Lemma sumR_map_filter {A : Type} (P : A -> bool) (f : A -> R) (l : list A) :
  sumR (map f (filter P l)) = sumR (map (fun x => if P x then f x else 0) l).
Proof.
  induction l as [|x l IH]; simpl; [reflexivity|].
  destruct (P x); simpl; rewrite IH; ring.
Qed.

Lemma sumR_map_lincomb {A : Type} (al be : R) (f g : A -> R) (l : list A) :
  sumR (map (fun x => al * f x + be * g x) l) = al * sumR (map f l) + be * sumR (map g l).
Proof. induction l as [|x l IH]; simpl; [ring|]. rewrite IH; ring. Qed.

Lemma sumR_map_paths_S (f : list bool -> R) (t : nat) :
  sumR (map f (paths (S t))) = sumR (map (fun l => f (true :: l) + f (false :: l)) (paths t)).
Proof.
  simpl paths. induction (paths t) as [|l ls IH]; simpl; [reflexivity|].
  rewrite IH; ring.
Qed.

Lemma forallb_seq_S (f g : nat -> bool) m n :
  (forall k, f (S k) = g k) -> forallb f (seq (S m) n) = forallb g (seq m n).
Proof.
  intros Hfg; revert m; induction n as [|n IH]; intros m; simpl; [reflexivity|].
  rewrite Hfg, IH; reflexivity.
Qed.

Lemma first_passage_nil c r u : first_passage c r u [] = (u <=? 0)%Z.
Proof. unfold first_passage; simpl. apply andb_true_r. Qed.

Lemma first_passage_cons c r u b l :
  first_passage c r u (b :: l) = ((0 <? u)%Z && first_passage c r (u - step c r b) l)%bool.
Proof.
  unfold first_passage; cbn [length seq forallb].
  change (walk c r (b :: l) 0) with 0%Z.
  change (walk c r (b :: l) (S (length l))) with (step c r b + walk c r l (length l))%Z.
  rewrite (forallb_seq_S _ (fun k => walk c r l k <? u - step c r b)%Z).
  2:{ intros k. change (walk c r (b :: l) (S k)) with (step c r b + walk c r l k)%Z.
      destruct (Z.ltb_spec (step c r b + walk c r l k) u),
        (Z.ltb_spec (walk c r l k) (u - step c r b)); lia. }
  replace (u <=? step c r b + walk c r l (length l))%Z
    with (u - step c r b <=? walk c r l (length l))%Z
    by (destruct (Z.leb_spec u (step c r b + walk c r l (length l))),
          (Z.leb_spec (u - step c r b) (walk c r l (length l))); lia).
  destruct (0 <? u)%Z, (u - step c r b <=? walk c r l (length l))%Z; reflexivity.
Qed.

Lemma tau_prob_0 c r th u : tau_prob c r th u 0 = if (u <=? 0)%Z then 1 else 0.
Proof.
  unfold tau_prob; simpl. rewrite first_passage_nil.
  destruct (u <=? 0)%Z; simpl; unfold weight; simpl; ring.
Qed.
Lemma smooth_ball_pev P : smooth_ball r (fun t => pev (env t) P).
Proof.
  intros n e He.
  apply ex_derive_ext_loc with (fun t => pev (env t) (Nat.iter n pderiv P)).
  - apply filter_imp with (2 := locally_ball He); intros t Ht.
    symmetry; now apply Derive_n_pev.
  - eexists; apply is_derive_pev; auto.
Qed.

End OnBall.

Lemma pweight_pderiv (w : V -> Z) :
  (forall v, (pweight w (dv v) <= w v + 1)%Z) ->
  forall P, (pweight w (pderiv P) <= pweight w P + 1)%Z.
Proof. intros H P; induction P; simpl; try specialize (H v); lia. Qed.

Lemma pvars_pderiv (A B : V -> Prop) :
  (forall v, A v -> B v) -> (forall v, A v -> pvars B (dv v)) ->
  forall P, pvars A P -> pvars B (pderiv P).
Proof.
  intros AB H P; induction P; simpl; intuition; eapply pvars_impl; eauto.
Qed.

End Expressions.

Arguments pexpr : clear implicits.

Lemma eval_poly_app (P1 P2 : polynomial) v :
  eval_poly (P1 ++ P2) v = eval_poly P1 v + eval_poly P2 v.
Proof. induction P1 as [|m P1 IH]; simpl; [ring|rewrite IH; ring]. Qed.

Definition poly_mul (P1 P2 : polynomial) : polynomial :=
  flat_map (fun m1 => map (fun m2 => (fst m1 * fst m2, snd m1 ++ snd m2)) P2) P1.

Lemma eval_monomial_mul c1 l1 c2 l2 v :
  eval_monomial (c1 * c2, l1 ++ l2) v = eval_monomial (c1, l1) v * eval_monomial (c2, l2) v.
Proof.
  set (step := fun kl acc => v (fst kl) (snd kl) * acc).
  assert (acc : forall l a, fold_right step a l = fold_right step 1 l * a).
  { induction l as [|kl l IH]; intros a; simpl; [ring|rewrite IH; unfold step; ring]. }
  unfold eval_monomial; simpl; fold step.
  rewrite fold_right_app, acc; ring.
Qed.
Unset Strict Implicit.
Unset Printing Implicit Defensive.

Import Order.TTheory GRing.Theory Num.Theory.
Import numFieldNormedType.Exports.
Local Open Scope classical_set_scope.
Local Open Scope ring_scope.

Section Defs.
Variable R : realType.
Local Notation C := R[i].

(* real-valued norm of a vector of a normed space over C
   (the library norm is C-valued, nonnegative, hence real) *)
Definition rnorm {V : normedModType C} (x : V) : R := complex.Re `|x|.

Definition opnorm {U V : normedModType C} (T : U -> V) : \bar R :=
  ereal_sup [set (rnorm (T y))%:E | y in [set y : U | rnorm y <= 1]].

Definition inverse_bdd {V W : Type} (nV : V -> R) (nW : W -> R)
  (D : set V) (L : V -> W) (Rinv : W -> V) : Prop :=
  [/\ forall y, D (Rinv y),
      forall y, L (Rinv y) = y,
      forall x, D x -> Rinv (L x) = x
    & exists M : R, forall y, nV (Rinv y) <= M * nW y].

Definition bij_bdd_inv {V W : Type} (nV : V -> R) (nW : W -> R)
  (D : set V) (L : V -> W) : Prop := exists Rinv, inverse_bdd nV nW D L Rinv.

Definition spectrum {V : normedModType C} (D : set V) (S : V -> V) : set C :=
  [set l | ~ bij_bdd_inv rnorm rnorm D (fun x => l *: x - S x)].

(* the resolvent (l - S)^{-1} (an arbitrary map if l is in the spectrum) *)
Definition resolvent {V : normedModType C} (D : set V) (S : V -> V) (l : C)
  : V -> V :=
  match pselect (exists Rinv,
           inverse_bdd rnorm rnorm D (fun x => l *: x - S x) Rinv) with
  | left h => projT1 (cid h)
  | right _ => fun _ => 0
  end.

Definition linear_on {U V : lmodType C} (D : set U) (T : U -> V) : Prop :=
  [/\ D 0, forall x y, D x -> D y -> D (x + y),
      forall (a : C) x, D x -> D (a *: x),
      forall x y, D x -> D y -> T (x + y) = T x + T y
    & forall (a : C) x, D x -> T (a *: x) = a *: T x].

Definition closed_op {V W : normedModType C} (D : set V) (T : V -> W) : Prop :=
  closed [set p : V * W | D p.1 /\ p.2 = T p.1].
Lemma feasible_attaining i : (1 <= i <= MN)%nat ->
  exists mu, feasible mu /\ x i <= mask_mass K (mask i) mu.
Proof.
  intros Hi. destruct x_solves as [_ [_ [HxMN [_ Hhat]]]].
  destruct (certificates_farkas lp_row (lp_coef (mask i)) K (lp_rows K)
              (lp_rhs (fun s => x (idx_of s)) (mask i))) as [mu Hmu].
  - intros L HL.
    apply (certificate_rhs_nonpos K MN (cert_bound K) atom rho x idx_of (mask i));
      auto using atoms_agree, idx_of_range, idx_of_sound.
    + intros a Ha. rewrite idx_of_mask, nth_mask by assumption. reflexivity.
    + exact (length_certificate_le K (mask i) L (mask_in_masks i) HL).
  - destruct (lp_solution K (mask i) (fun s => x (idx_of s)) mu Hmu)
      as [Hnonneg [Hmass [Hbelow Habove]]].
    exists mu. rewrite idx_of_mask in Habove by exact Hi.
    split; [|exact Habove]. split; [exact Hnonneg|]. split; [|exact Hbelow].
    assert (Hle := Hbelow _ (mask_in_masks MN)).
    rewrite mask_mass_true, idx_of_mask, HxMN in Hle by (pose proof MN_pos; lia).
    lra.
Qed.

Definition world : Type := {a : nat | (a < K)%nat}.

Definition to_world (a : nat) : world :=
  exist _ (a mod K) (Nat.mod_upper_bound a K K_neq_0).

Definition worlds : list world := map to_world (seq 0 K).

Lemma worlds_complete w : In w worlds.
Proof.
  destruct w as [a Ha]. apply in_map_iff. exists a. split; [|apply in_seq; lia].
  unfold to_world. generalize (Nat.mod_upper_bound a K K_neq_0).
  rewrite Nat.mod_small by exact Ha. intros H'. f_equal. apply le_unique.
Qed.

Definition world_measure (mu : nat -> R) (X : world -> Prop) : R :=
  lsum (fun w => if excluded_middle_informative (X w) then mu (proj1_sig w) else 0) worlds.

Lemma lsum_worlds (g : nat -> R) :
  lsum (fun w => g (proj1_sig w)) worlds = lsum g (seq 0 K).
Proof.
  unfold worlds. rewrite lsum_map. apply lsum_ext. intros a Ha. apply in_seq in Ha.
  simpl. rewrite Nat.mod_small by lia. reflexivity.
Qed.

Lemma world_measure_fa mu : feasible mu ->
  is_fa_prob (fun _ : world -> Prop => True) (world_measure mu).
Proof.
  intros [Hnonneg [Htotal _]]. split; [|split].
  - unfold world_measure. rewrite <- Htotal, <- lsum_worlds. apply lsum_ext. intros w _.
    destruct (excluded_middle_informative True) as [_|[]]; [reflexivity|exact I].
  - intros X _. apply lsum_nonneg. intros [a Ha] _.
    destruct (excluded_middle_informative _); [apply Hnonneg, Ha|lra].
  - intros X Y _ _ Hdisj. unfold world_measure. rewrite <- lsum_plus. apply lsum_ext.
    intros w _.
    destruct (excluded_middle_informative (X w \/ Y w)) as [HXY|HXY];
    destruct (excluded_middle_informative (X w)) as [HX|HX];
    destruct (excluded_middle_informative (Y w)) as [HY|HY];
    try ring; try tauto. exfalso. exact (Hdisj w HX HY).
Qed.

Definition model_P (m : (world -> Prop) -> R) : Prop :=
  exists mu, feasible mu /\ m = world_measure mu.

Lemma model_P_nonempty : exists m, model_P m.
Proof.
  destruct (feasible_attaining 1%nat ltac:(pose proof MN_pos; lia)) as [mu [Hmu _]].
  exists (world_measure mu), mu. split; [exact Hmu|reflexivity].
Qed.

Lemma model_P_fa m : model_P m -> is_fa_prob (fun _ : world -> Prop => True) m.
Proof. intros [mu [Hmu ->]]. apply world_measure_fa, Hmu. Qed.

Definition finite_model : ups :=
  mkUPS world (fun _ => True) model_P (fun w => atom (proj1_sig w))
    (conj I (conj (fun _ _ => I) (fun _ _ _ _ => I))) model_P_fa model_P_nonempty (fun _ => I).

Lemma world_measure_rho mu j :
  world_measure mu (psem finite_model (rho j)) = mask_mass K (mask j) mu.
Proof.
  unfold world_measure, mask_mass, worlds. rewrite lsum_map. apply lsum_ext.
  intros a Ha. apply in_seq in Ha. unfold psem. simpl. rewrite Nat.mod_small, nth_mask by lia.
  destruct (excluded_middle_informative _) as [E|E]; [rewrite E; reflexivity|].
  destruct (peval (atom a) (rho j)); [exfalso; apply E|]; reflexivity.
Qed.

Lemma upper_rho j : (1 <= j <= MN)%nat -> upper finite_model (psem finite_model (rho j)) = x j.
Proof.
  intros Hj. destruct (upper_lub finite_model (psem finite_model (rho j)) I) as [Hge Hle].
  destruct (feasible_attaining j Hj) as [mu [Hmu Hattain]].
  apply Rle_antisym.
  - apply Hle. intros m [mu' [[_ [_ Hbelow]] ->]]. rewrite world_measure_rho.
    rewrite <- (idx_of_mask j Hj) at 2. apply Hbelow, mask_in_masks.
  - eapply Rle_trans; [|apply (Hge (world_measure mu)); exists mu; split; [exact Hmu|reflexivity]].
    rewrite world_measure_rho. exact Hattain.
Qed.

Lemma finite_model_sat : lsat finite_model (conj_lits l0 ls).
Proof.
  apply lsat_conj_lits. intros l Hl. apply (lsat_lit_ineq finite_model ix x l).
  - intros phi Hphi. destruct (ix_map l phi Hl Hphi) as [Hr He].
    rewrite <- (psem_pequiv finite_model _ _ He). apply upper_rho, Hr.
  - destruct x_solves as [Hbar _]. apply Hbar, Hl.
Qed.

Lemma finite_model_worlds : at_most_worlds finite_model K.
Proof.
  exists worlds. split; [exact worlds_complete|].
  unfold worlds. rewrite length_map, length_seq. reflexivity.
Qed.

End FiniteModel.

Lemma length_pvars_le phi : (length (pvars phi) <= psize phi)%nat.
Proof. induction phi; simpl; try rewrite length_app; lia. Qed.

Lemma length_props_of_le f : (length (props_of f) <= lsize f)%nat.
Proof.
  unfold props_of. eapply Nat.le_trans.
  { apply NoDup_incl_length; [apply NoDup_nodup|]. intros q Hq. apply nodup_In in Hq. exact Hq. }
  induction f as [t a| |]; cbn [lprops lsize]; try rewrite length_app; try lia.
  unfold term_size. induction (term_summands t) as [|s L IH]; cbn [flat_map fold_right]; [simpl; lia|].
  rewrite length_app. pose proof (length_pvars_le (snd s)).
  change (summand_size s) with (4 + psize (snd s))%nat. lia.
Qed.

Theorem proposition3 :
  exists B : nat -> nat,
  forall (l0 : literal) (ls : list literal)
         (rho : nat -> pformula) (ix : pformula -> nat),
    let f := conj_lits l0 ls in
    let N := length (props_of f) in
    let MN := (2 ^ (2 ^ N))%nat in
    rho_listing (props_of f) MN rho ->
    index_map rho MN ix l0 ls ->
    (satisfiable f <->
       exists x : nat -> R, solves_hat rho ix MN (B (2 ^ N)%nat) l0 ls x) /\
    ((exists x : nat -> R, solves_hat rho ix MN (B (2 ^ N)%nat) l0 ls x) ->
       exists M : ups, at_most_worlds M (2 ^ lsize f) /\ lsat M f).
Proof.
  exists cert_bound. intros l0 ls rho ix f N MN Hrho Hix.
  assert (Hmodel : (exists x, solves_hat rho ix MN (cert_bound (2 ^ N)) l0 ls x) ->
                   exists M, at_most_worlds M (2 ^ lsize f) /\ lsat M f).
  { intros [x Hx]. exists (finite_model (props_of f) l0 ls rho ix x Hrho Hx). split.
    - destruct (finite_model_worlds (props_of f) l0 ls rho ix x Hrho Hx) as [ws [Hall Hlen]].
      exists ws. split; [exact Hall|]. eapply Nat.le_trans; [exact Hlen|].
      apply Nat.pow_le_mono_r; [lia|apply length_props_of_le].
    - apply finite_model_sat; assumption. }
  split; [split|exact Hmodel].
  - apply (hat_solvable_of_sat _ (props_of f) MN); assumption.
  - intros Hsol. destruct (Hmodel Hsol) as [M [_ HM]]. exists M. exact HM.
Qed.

*-*-*

**Description of the task**
Using the data above, repeat exactly the lines that begin at the line with "destruct (feasible_attaining 1%nat" and end at the line with "mkUPS world (fun", both ends included.

**Reply to the task**
  destruct (feasible_attaining 1%nat ltac:(pose proof MN_pos; lia)) as [mu [Hmu _]].
  exists (world_measure mu), mu. split; [exact Hmu|reflexivity].
Qed.

Lemma model_P_fa m : model_P m -> is_fa_prob (fun _ : world -> Prop => True) m.
Proof. intros [mu [Hmu ->]]. apply world_measure_fa, Hmu. Qed.

Definition finite_model : ups :=
  mkUPS world (fun _ => True) model_P (fun w => atom (proj1_sig w))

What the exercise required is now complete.